Dahi Nara mengerut, bagaimana mungkin Yoongi setega itu meninggalkan Yoora sendiri bahkan disaat Yoongi berjanji akan selalu mengantar Yoora pulang dan memberi tanggung jawab penuh pada Yoora.

"Paman pasti sedang banyak pekerjaan 'kan?"

Yoora menggeleng, "Paman pergi dengan orang lain, Bu."
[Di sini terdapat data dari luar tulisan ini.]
(* Let $R$ be a commutative Noetherian ring. Let $\mathcal{A}$ be an essentially small $R$-linear abelian category with the following properties: - every object of $\mathcal{A}$ is Noetherian; - $\mathcal{A}$ is $\operatorname{Hom}$-finite over $R$; - every decreasing sequence of subobjects of an object of $\mathcal{A}$ has an intersection in $\mathcal{A}$. If $\mathcal{A}$ has a weak generator $G$, then every object of $\mathcal{A}$ is Artinian. In particular, $\mathcal{A}$ is a length category.
   Context: An object is Artinian (resp. Noetherian) if every descending (resp. ascending) chain of its subobjects becomes stationary. An abelian category is a length category if every object is both Artinian and Noetherian. $\mathcal{A}$ is $\operatorname{Hom}$-finite over $R$ if it is $R$-linear and $\operatorname{Hom}(A,B)$ is a finite length $R$-module for all $A,B\in\mathcal{A}$. An object $G$ is a weak generator if $\operatorname{Hom}(G,E)=0$ implies $E\cong0$. *)

From HB Require Import structures.
From mathcomp Require Import all_boot all_order all_algebra.
Set Implicit Arguments. Unset Strict Implicit. Unset Printing Implicit Defensive.
Import GRing.Theory.
Local Open Scope ring_scope.

Definition is_ideal (R : comPzRingType) (I : R -> Prop) : Prop :=
  I 0 /\ forall (a x y : R), I x -> I y -> I (a * x + y).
"Orang lain? Teman kerjanya?"

Kembali, Yoora menggeleng sembari mengusap ingusnya yang mulai keluar. "Paman pergi bersama keluarganya. Bibi cantik dan gadis kecil yang pernah aku lihat di foto saat pergi ke hotel milik Paman."

"Gadis kecil?"

"Paman bilang, foto gadis itu anaknya."

Nara tertegun. Selain fakta yang ia yakini Yoongi telah menikah kini semakin memperjelas jika Yoongi memang sudah memiliki keluarga baru. Apalagi Yoora bilang jika Yoongi sudah memiliki seorang anak. Hal itu membuat luka di masa lalu yang perlahan menutup kini kembali terbuka. Dan yang paling ia sesali, luka itu tak hanya ia yang rasakan. Kali ini luka itu justru melukai hati anaknya.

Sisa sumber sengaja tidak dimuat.